ASSIGNED TASK:
From the data that follows, print exactly the lines starting at the one containing "apply: (dominating_w_adj kK" and ending at the one containing "have ku1 : (k"; include both of them and nothing more.

RECORDS TO USE below:

Lemma disjoint_indep_clique_G1 : [disjoint I & K] -> #|I| = #|K| ->
  #|T| = #|K| + #|K| + 1 -> in_G1 e #|K|.
Proof.
move=> IK_disj cardI cardT.
have /cards1P[u rest] : #|~: (I :|: K)| == 1.
  by have := cardsC (I :|: K); rewrite cardsU (disjoint_setI0 IK_disj) cards0; lia.
have : u \in ~: (I :|: K) by rewrite rest set11.
rewrite !inE negb_or => /andP[uI uK].
apply: (disjoint_cover_G1 (u := u)) => // x.
by have := setCU_cover x rest; rewrite inE.
Qed.

Section OverlapCover.
Variables w u1 u2 c : T.
Hypotheses (wI : w \in I) (wK : w \in K) (u12 : u1 != u2).
Hypotheses (u1I : u1 \notin I) (u1K : u1 \notin K) (u2I : u2 \notin I) (u2K : u2 \notin K).
Hypothesis cover : forall x, [|| x \in I, x \in K, x == u1 | x == u2].
Hypothesis K_gt1 : 1 < #|K|.
(* [u2, c] is the dominating edge of G - w given by [del_clique_edge]: one of
   its ends is outside I, hence is u1 or u2, and is called u2. *)
Hypotheses (e_u2c : e u2 c) (nadj_u2w : ~~ e u2 w) (nadj_cw : ~~ e c w).
Hypothesis dom_w : forall x, x != w -> dominates2 e u2 c x.

Lemma u1_adj_w_nadj_clique v : v \in K -> v != w -> e w u1 && ~~ e u1 v.
Proof.
move=> vK vw; have [a [b [[_ aK bK nav nbv] dom]]] := del_clique_edge vK.
have ewv : e w v by rewrite K_clique // eq_sym.
have is_u1 d : d \notin K -> ~~ e d v -> e w d -> d = u1.
  move=> dK ndv ewd; case/or4P: (cover d) => [dI|dK'|/eqP //|/eqP du2].
  - by rewrite (negbTE (I_indep wI dI)) in ewd.
  - by rewrite dK' in dK.
  - by rewrite du2 e_sym (negbTE nadj_u2w) in ewd.
have wv : w != v by rewrite eq_sym.
case/or4P: (dom w wv) => [/eqP wa|/eqP wb|ewa|ewb].
- by rewrite -wa ewv in nav.
- by rewrite -wb ewv in nbv.
- by rewrite -(is_u1 a aK nav ewa) ewa nav.
- by rewrite -(is_u1 b bK nbv ewb) ewb nbv.
Qed.

Lemma u1_adj_w : e w u1.
Proof.
have /card_gt0P[v] : 0 < #|K :\ w| by move: K_gt1; rewrite (cardsD1 w K) wK add1n ltnS.
by rewrite !inE => /andP[vw vK]; case/andP: (u1_adj_w_nadj_clique vK vw).
Qed.

Lemma u1_nadj_clique v : v \in K -> v != w -> ~~ e u1 v.
Proof. by move=> vK vw; case/andP: (u1_adj_w_nadj_clique vK vw). Qed.

Lemma c_in_I : c \in I.
Proof.
case/or4P: (cover c) => [//|cK|/eqP cu1|/eqP cu2].
- have cw : c != w by apply: contraTneq e_u2c => ->.
  by move: (notin_clique wK cw nadj_cw); rewrite cK.
- by move: nadj_cw; rewrite cu1 e_sym u1_adj_w.
- by move: e_u2c; rewrite cu2 e_irr.
Qed.

Lemma indep_adj_u2 x : x \in I -> x != w -> e x u2.
Proof.
move=> xI /dom_w; rewrite /dominates2 (negbTE (I_indep xI c_in_I)) orbF.
have -> : (x == u2) = false by apply: contraNF u2I => /eqP <-.
by rewrite /= => /orP[/eqP->|]; rewrite // e_sym.
Qed.

Lemma del_clique_edge_u12 v : v \in K -> v != w -> {in I, forall x, x != w -> e x v} ->
  e u1 u2 /\ forall x, x != v -> dominates2 e u1 u2 x.
Proof.
move=> vK vw Iv; have [a [b [[eab aK bK nav nbv] dom]]] := del_clique_edge vK.
have in12 d : d \notin K -> ~~ e d v -> (d == u1) || (d == u2).
  move=> dK ndv; case/or4P: (cover d) => [dI|dK'|->|->]; rewrite ?orbT //; last first.
    by rewrite dK' in dK.
  have dw : d != w by apply: contraNneq dK => ->.
  by rewrite Iv in ndv.
have ab : a != b by apply: contraTneq eab => ->; rewrite e_irr.
move: (in12 a aK nav) (in12 b bK nbv) ab eab dom.
case/orP=> /eqP-> /orP[]/eqP-> //; rewrite ?eqxx // => _ e12 dom; split; rewrite 1?e_sym //.
by move=> x /dom; rewrite dominates2C.
Qed.

Lemma dominating_w_adj b x : b \in K -> b != w -> x \in I -> x != w ->
  dominates2 e w b x -> e x b.
Proof.
move=> bK bw xI xw; rewrite /dominates2 (negbTE xw) (negbTE (I_indep xI wI)) /=.
case: eqVneq => [xb|_] //=; move: bK bw; rewrite -xb => xK.
by rewrite (indep_clique_meet xI xK wI wK) eqxx.
Qed.

Lemma indep_u2_not_dominating d : d \in I -> e d u2 -> ~~ dominates2 e d u2 w.
Proof.
move=> dI edu2; have dw : d != w by apply: contraTneq edu2 => ->; rewrite e_sym.
have wu2 : w != u2 by apply: contraNneq u2K => <-.
rewrite /dominates2 eq_sym (negbTE dw) (negbTE wu2) (negbTE (I_indep wI dI)).
by rewrite e_sym (negbTE nadj_u2w).
Qed.

Lemma indep_not_dominating_but_u2 d b : d \in I -> d != w -> adj_or_eq e d b ->
  ~ (forall x, x != u2 -> dominates2 e d b x).
Proof.
move=> dI dw db dom; apply: (not_dominating db) => x.
case: (eqVneq x u2) => [->|/dom//]; by rewrite /dominates2 e_sym (indep_adj_u2 dI dw) !orbT.
Qed.

Section NonEdge.
Variable k : T.
Hypotheses (kK : k \in K) (kw : k != w) (nadj_u2k : ~~ e u2 k).

Lemma u2_neq_k : u2 != k.
Proof. by apply: contraNneq u2K => ->. Qed.

Lemma add_edge_pair_near_u1 d t : ~~ e u1 u2 ->
  cd_pair [set: T] (add_edge e u2 k) d t -> (d == u1) || e u1 d -> False.
Proof.
move=> n12 [_ _ + dom'] d1.
have du2 : d != u2 by apply: contraTneq d1 => ->; rewrite eq_sym (negbTE u12) (negbTE n12).
have dk : d != k.
  apply: contraTneq d1 => ->; rewrite (negbTE (u1_nadj_clique kK kw)) orbF.
  by apply: contraNneq u1K => <-.
rewrite adj_or_eq_add_edge // => dt.
have {dom'} dom x : dominates2 e d t x || [|| (t == k) && (x == u2) | (t == u2) && (x == k)].
  by rewrite -dominates2_add_edge ?dom'.
have dI : (d == u1) || (d \in I).
  case/or4P: (cover d) => [->|dK|->//|/eqP du]; rewrite ?orbT //; last by rewrite du eqxx in du2.
  case: (eqVneq d w) => [->|dw]; first by rewrite wI orbT.
  by move: d1; rewrite (negbTE (u1_nadj_clique dK dw)) orbF => ->.
move: dt dom; case: (eqVneq t u2) => [->|_]; [|case: (eqVneq t k) => [->|_]] => dt dom.
- have edu2 : e d u2 by rewrite /adj_or_eq (negbTE du2) in dt.
  have dI' : d \in I by case/orP: dI => // /eqP du1; rewrite du1 (negbTE n12) in edu2.
  have := dom w; rewrite (negbTE (indep_u2_not_dominating dI' edu2)) (negbTE u2_neq_k) /=.
  by rewrite eq_sym (negbTE kw).
- have edk : e d k by rewrite /adj_or_eq (negbTE dk) in dt.
  have dI' : d \in I.
    by case/orP: dI => // /eqP du1; rewrite du1 (negbTE (u1_nadj_clique kK kw)) in edk.
  have dom_k x : x != u2 -> dominates2 e d k x.
    by move=> xu2; have := dom x; rewrite (negbTE xu2) /= !orbF.
  case: (eqVneq d w) => [dw|dw]; last exact: (indep_not_dominating_but_u2 dI' dw dt dom_k).
  subst d; apply: (negP n12); apply: (proj1 (del_clique_edge_u12 kK kw _)) => x xI xw.
  apply: (dominating_w_adj kK kw xI xw); apply: dom_k.
  by apply: contraNneq u2I => <-.
- apply: (not_dominating dt) => x.
  by have := dom x; rewrite /= !orbF.
Qed.

Lemma u1_adj_u2 : e u1 u2.
Proof.
apply/negPn/negP => n12; have [a [b ab]] := cd_pair_add u2_neq_k nadj_u2k.
have ba := cd_pairC (add_edge_sym u2 k e_sym) ab.
have u1k : u1 != k by apply: contraNneq u1K => ->.
have [_ _ _ /(_ u1 (in_setT u1))] := ab.
rewrite /dominates2 /add_edge /= (negbTE u12) (negbTE u1k) /= !orbF.
case/or4P=> [ua|ub|ua|ub].
- by apply: (add_edge_pair_near_u1 n12 ab); rewrite eq_sym ua.
- by apply: (add_edge_pair_near_u1 n12 ba); rewrite eq_sym ub.
- by apply: (add_edge_pair_near_u1 n12 ab); rewrite ua orbT.
- by apply: (add_edge_pair_near_u1 n12 ba); rewrite ub orbT.
Qed.

End NonEdge.

Lemma u2_dominating_edge : e u1 u2 -> exists b,
  [/\ b \in K, b != w, ~~ e b u2 & forall x, x != u2 -> dominates2 e w b x].
Proof.
move=> e12; have [a [b [[eab au2 bu2 na nb] dom]]] := del_dominating_edge u2.
have inK d : d != u2 -> ~~ e d u2 -> d \in K.
  move=> du2 nd; case/or4P: (cover d) => [dI|//|/eqP du1|/eqP du2'].
  - by case: (eqVneq d w) => [->//|dw]; rewrite indep_adj_u2 in nd.
  - by rewrite du1 e12 in nd.
  - by rewrite du2' eqxx in du2.
have isw d : d \in K -> (u1 == d) || e u1 d -> d = w.
  move=> dK /orP[/eqP u1d|]; first by move: u1K; rewrite u1d dK.
  by apply: contraTeq => dw; apply: u1_nadj_clique.
have ab : a != b by apply: contraTneq eab => ->; rewrite e_irr.
have [aw|bw] : a = w \/ b = w.
  by case/or4P: (dom u1 u12) => h; [left|right|left|right]; apply: isw; rewrite ?inK ?h ?orbT.
- by exists b; split=> //; [exact: inK | rewrite -aw eq_sym | rewrite -aw].
- exists a; split=> //; [exact: inK | by rewrite -bw |].
  by move=> x /dom; rewrite -bw dominates2C.
Qed.

Lemma clique_sub_pair b : e u1 u2 -> b \in K -> b != w ->
  (forall x, x != u2 -> dominates2 e w b x) -> K \subset [set w; b].
Proof.
move=> e12 bK bw dom; have [_ dom12] : e u1 u2 /\ forall x, x != b -> dominates2 e u1 u2 x.
  apply: del_clique_edge_u12 => // x xI xw; apply: (dominating_w_adj bK bw xI xw).
  by apply: dom; apply: contraNneq u2I => <-.
apply/subsetP=> k kK; rewrite !inE; apply/norP=> -[kw kb].
have eku2 : e k u2.
  have ku1 : (k == u1) = false by apply: contraNF u1K => /eqP <-.
  have ku2 : (k == u2) = false by apply: contraNF u2K => /eqP <-.
  by move: (dom12 k kb); rewrite /dominates2 ku1 ku2 e_sym (negbTE (u1_nadj_clique kK kw)).
apply: (not_dominating (a := u2) (b := k)); first by rewrite /adj_or_eq e_sym eku2 orbT.
move=> x; rewrite /dominates2; case/or4P: (cover x) => [xI|xK|/eqP->|->]; rewrite ?orbT //.
- case: (eqVneq x w) => [->|xw]; last by rewrite indep_adj_u2 ?orbT.
  by rewrite (K_clique wK kK) ?orbT // eq_sym.
- by case: (eqVneq x k) => [->|xk]; rewrite ?eqxx ?(K_clique xK kK xk) ?orbT.
- by rewrite e12 !orbT.
Qed.

Lemma exists_disjoint_clique : exists K' : {set T},
  [/\ {in K' &, forall x y, x != y -> e x y}, #|K'| = #|K| & [disjoint I & K']].
Proof.
have KwI x : x \in K -> x != w -> x \notin I.
  by move=> xK; apply: contraNN => xI; rewrite (indep_clique_meet xI xK wI wK).
case: (boolP [forall x in (K :\ w), e u2 x]) => [/forall_inP u2K'|].
  exists (u2 |: K :\ w); split.
  - move=> x y; rewrite !inE => /orP[/eqP->|/andP[xw xK]] /orP[/eqP->|/andP[yw yK]];
      rewrite ?eqxx // => xy.
    + by apply: u2K'; rewrite !inE yw.
    + by rewrite e_sym u2K' // !inE xw.
    + exact: K_clique.
  - by rewrite cardsU1 !inE negb_and u2K orbT (cardsD1 w K) wK.
  - rewrite disjoint_sym disjoints_subset; apply/subsetP=> x.
    by rewrite !inE => /orP[/eqP->//|/andP[xw xK]]; apply: KwI.
rewrite negb_forall_in => /exists_inP[k]; rewrite !inE => /andP[kw kK] nu2k.
have e12 := u1_adj_u2 kK kw nu2k.
have [b [bK bw _ dom]] := u2_dominating_edge e12.
have cardK : #|K| = 2.
  apply/eqP; rewrite eqn_leq K_gt1 andbT.
  apply: leq_trans (subset_leq_card (clique_sub_pair e12 bK bw dom)) _.
  by rewrite cards2; case: (w != b).
exists [set u1; u2]; split.
- by move=> x y; rewrite !inE => /orP[]/eqP-> /orP[]/eqP->; rewrite ?eqxx // e_sym.
- by rewrite cards2 u12 cardK.
- rewrite disjoint_sym disjoints_subset; apply/subsetP=> x.
  by rewrite !inE => /orP[]/eqP->.
Qed.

End of RECORDS TO USE.

RESPONSE BOX:
  apply: (dominating_w_adj kK kw xI xw); apply: dom_k.
  by apply: contraNneq u2I => <-.
- apply: (not_dominating dt) => x.
  by have := dom x; rewrite /= !orbF.
Qed.

Lemma u1_adj_u2 : e u1 u2.
Proof.
apply/negPn/negP => n12; have [a [b ab]] := cd_pair_add u2_neq_k nadj_u2k.
have ba := cd_pairC (add_edge_sym u2 k e_sym) ab.
have u1k : u1 != k by apply: contraNneq u1K => ->.
have [_ _ _ /(_ u1 (in_setT u1))] := ab.
rewrite /dominates2 /add_edge /= (negbTE u12) (negbTE u1k) /= !orbF.
case/or4P=> [ua|ub|ua|ub].
- by apply: (add_edge_pair_near_u1 n12 ab); rewrite eq_sym ua.
- by apply: (add_edge_pair_near_u1 n12 ba); rewrite eq_sym ub.
- by apply: (add_edge_pair_near_u1 n12 ab); rewrite ua orbT.
- by apply: (add_edge_pair_near_u1 n12 ba); rewrite ub orbT.
Qed.

End NonEdge.

Lemma u2_dominating_edge : e u1 u2 -> exists b,
  [/\ b \in K, b != w, ~~ e b u2 & forall x, x != u2 -> dominates2 e w b x].
Proof.
move=> e12; have [a [b [[eab au2 bu2 na nb] dom]]] := del_dominating_edge u2.
have inK d : d != u2 -> ~~ e d u2 -> d \in K.
  move=> du2 nd; case/or4P: (cover d) => [dI|//|/eqP du1|/eqP du2'].
  - by case: (eqVneq d w) => [->//|dw]; rewrite indep_adj_u2 in nd.
  - by rewrite du1 e12 in nd.
  - by rewrite du2' eqxx in du2.
have isw d : d \in K -> (u1 == d) || e u1 d -> d = w.
  move=> dK /orP[/eqP u1d|]; first by move: u1K; rewrite u1d dK.
  by apply: contraTeq => dw; apply: u1_nadj_clique.
have ab : a != b by apply: contraTneq eab => ->; rewrite e_irr.
have [aw|bw] : a = w \/ b = w.
  by case/or4P: (dom u1 u12) => h; [left|right|left|right]; apply: isw; rewrite ?inK ?h ?orbT.
- by exists b; split=> //; [exact: inK | rewrite -aw eq_sym | rewrite -aw].
- exists a; split=> //; [exact: inK | by rewrite -bw |].
  by move=> x /dom; rewrite -bw dominates2C.
Qed.

Lemma clique_sub_pair b : e u1 u2 -> b \in K -> b != w ->
  (forall x, x != u2 -> dominates2 e w b x) -> K \subset [set w; b].
Proof.
move=> e12 bK bw dom; have [_ dom12] : e u1 u2 /\ forall x, x != b -> dominates2 e u1 u2 x.
  apply: del_clique_edge_u12 => // x xI xw; apply: (dominating_w_adj bK bw xI xw).
  by apply: dom; apply: contraNneq u2I => <-.
apply/subsetP=> k kK; rewrite !inE; apply/norP=> -[kw kb].
have eku2 : e k u2.
  have ku1 : (k == u1) = false by apply: contraNF u1K => /eqP <-.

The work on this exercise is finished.